Prof. Dr. Uwe Kotrschal, Verhaltensbiologe an der Universität Wien, berichtet in einem Interview mit GEO darüber, dass Babys das Interesse an Tieren schon im Alter von wenigen Monaten entwickeln. Dies ist die Basis für die spätere Bildung einer differenzierteren emotionalen Bindung zu manchen Tieren, beispielsweise zu Lieblingstieren. Er ist sich sicher, dass auch Menschen, die keine Tiere mögen, als Kinder Interesse an Tieren zeigten und dieses später verloren haben.
https://www.spektrum.de/news/warum-wir-haustiere-lieben/1427923
https://www.geo.de/magazine/geo-wissen/17807-rtkl-verhaltensbiologie-was-tiere-uns-schenken-und-wir-ihnen
Einige interessante Videobeiträge von Quarks
3. Oxytocin, das “Kuschelhormon”
Bei Oxytocin handelt es sich um einen körpereigenen Botenstoff – ein Hormon. Es wird bei Wirbeltieren im Gehirn gebildet. Bei weiblichen Säugetieren löst die Ausschüttung von Oxytocin die zur Geburt nötigen Wehen aus, weshalb es auch in der Geburtshilfe Anwendung findet. Außerdem führt es zum Milcheinschuss in der Brust und wirkt schmerz- sowie stressmindernd.
https://www.spektrum.de/lexikon/neurowissenschaft/oxytocin/9373
Es gibt viele Studien, die dem Hormon weitere Wirkungen zusprechen. So weist eine Bonner Studie darauf hin, dass Oxytocin soziales Verhalten fördert und partnerschaftliche Treue erhöht. Weiterhin soll Oxytocin bewirken, dass Angehörige der eigenen Gruppe anderen Individuen vorgezogen werden.
https://www1.wdr.de/wissen/mensch/oxytocin-fremdenfeindlichkeit-100.html
https://www.welt.de/gesundheit/psychologie/article130360396/Die-dunklen-Seiten-des-Kuschelhormons-Oxytocin.html
Experimente an Tieren zeigten weiterhin, dass Oxytocin einerseits die sexuelle Erregung reguliert und fürsorgliches Verhalten fördert, andererseits aber auch Lern- und Gedächtnisleistungen hemmt.
https://www1.wdr.de/wissen/mensch/oxytocin-fremdenfeindlichkeit-100.html
4. Anthropomorphismus
Informationen zum Thema Anthropomorphismus sind in den Zusatzmaterialien der Folge 1 enthalten.

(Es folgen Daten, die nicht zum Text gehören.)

(* For every function $g\in A$ with $g\not\equiv 0$ there exist an orthonormal system $\{\varphi_n\}_{n\ge1}$ on $[0,1]$ and a sequence $a=\{a_n\}\in\ell_2$ such that, with $d_k=1$ for all $k$, $$\limsup_{n\to\infty}\sum_{k=1}^{n}C_k^2(g)\log^2 k=\limsup_{n\to\infty}|U_n(g)|=+\infty,$$ where $C_k(g)=\int_0^1 g(x)\varphi_k(x)\,dx$ and $U_n(g)=\int_0^1 g(x)\sum_{k=1}^n d_k a_k\log k\,\varphi_k(x)\,dx=\sum_{k=1}^n a_k \log k\, C_k(g)$.
   Context: $A$ denotes the Banach space of absolutely continuous functions on $[0,1]$ with norm $\|f\|_A=\max_{[0,1]}|f|+\int_0^1|f'(x)|\,dx$. An orthonormal system on $[0,1]$ is a sequence of functions orthonormal in $L_2(0,1)$. $\log$ denotes the logarithm (so $\log 1=0$). *)

From mathcomp Require Import all_boot all_order all_algebra.
From mathcomp Require Import all_classical all_reals all_analysis.
Set Implicit Arguments. Unset Strict Implicit. Unset Printing Implicit Defensive.
Import Order.TTheory GRing.Theory Num.Theory.
Local Open Scope classical_set_scope.
Local Open Scope ring_scope.

Definition I01 (R : realType) : set R := `[(0:R), (1:R)].

Definition abs_continuous01 (R : realType) (f : R -> R) : Prop :=
  forall eps : R, 0 < eps -> exists2 delta : R, 0 < delta &
    forall (n : nat) (a b : 'I_n -> R),
      (forall i, 0 <= a i /\ a i <= b i /\ b i <= 1) ->
      (forall i j, i != j -> b i <= a j \/ b j <= a i) ->
      \sum_(i < n) (b i - a i) < delta ->
      \sum_(i < n) `|f (b i) - f (a i)| < eps.

Definition in_A (R : realType) (f : R -> R) : Prop := abs_continuous01 f.

Definition orthonormal_system01 (R : realType) (phi : nat -> R -> R) : Prop :=
  (forall n, (1 <= n)%N -> measurable_fun (@I01 R) (phi n)) /\
  (forall n, (1 <= n)%N ->
     (@lebesgue_measure R).-integrable (@I01 R) (fun x => ((phi n x) ^+ 2)%:E)) /\
  (forall n m, (1 <= n)%N -> (1 <= m)%N ->
     (\int[@lebesgue_measure R]_(x in (@I01 R)) (phi n x * phi m x)%:E =
        (if n == m then 1 else 0)%:E)%E).

Definition fourier_coef (R : realType) (phi : nat -> R -> R) (g : R -> R) (k : nat) : R :=
  \int[@lebesgue_measure R]_(x in (@I01 R)) (g x * phi k x).

Definition in_l2 (R : realType) (a : nat -> R) : Prop :=
  (\sum_(1 <= k <oo) ((a k) ^+ 2)%:E < +oo)%E.

(* Near a point x0 with g x0 <> 0, continuity gives a window ]y, y + r[ of
   [0, 1] on which s * g >= c > 0, where s is the sign of g x0.  The bumps
   2^N * 1_(J_N), with J_N = ]y + 4^-N, y + 2 * 4^-N[, have unit L2 norm, are
   pairwise disjoint and lie in the window for N > p, and satisfy
   s * int g 2^N 1_(J_N) >= c 2^-N.  The sparse index k_j = 4^(8^j) gets the
   bump of level p + 1 + 2j, every other index an odd level.  Then
   C_(k_j) log k_j >= K 8^j / 4^j = K 2^j, so with a_(k_j) = 2^-j and a_k = 0
   elsewhere (an l2 sequence) the nonnegative terms a_k C_k log k and
   C_k^2 log^2 k are at least K, resp. K^2, along k_j: both sums diverge. *)

From mathcomp Require Import all_boot all_order all_algebra.
From mathcomp Require Import all_classical all_reals all_analysis measurable_realfun.
From mathcomp Require Import ring lra zify.
Set Implicit Arguments. Unset Strict Implicit. Unset Printing Implicit Defensive.
Import Order.TTheory GRing.Theory Num.Theory Num.Def numFieldNormedType.Exports.
Local Open Scope classical_set_scope.
Local Open Scope ring_scope.

Section partial_sums.
Variables (R : realType) (u : nat -> R).
Hypothesis u_ge0 : forall k, 0 <= u k.

Lemma partial_sum_le m n : (m <= n)%N ->
  \sum_(1 <= k < m.+1) u k <= \sum_(1 <= k < n.+1) u k.
Proof.
by move=> mn; rewrite [leRHS](@big_cat_nat _ _ _ m.+1) //= lerDl sumr_ge0.
Qed.

Lemma partial_sums_cvgy (K : R) : 0 < K ->
  (forall m, exists2 k, (m < k)%N & K <= u k) ->
  (fun n => \sum_(1 <= k < n.+1) u k) @ \oo --> +oo.
Proof.
move=> K_gt0 uK.
have sum_ge N : exists n, N%:R * K <= \sum_(1 <= k < n.+1) u k.
  elim: N => [|N [n IH]]; first by exists 0%N; rewrite mul0r big_geq.
  have [[//|k] + Kk] := uK n; rewrite ltnS => nk.
  exists k.+1; rewrite -natr1 mulrDl mul1r big_nat_recr //= lerD //.
  exact: le_trans IH (partial_sum_le nk).
apply/cvgryPge => A; have [n An] := sum_ge (trunc (A / K)).+1.
have AK : A <= (trunc (A / K)).+1%:R * K.
  by rewrite -ler_pdivrMr // ltW // truncnS_gt.
near=> m; apply: le_trans AK (le_trans An (partial_sum_le _)).
by near: m; exists n.
Unshelve. all: by end_near.
Qed.

End partial_sums.

Lemma limn_esup_ge_cvgy (R : realType) (u v : nat -> R) :
  (forall n, u n <= v n) -> u @ \oo --> +oo ->
  limn_esup (fun n => (v n)%:E) = +oo%E.
Proof.
move=> uv /(ger_cvgy (nearW _ uv)) /cvgeryP vy.
by rewrite is_cvg_limn_esupE ?(cvg_lim _ vy) //; apply/cvg_ex; exists +oo%E.
Qed.

Lemma sgr_mul_gt_half (R : realFieldType) (a b : R) :
  `|b - a| < `|a| / 2 -> `|a| / 2 < Num.sg a * b.
Proof.
move=> ba; have : `|Num.sg a * (b - a)| <= `|b - a|.
  by rewrite normrM normr_sg ler_piMl // lern1 leq_b1.
rewrite mulrBr -normrEsg => /le_lt_trans /(_ ba); rewrite ltr_norml => /andP[+ _].
lra.
Qed.

Lemma bounded_of_le (T : Type) (R : realType) (A : set T) (f : T -> R) (M : R) :
  (forall x, A x -> `|f x| <= M) -> [bounded f x | x in A].
Proof.
move=> fM; rewrite /bounded_near; near=> B => x /fM /le_trans; apply.
by near: B; apply: nbhs_pinfty_ge; exact: num_real.
Unshelve. all: by end_near.
Qed.

Section Rintegral_patch.
Context d (T : measurableType d) (R : realType) (mu : {measure set T -> \bar R}).

Lemma integrable_patch (D J : set T) (f : T -> R) : measurable D -> measurable J ->
  mu.-integrable J (EFin \o f) -> mu.-integrable D (EFin \o (f \_ J)).
Proof.
move=> mD mJ fJ; apply: (integrableS measurableT) => //.
by rewrite -restrict_EFin -integrable_mkcond.
Qed.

5. Die Asymmetrie im Mensch-Tier-Verhältnis
Die Asymmetrie im Verhältnis zwischen Menschen und Tieren beschäftigt die Forscher*innen der Human-Animal Studies. Die Bundeszentrale für politische Bildung fasst unter der Überschrift „Gesellschaft und Tiere – Grundlagen und Perspektiven der Human-Animal Studies“ den aktuellen Forschungsstand zu diesem Thema zusammen und listet einige weiterführende Links zur Vertiefung des Themenkomplexes. Im Kontext des Funkkollegs ist vor allem der Abschnitt über „Das Mensch-Tier-Verhältnis als Herrschafts- und Gewaltverhältnis“ interessant.
6. Green Care
Der Begriff steht für Maßnahmen der Therapie und Förderung von Menschen (sog. „Interventionen“), für die Tiere, Pflanzen oder unbelebte Dinge aus der Natur genutzt werden. Green-Care-Interventionen umfassen Aktivitäten, die Menschen zielgerichtet physisch, psychisch, sozial oder pädagogisch helfen. Sie können für unterschiedliche Zielgruppen mit verschiedensten Absichten und Motiven genutzt werden. Green Care kann beispielsweise dazu dienen, psychisch Erschöpften eine Auszeit zu ermöglichen oder Menschen mit körperlicher, seelischer oder geistiger Beeinträchtigung durch Arbeit mit Tieren oder Pflanzen zu integrieren. Das Lernen von Kindern in und mit Natur fällt ebenfalls in diesen Bereich.
https://www.anl.bayern.de/publikationen/anliegen/doc/an39103stanley_2017_green_care.pdf
Ein Beispiel für eine Green Care Intervention ist die soziale Landwirtschaft, auch Social Farming genannt (siehe unten).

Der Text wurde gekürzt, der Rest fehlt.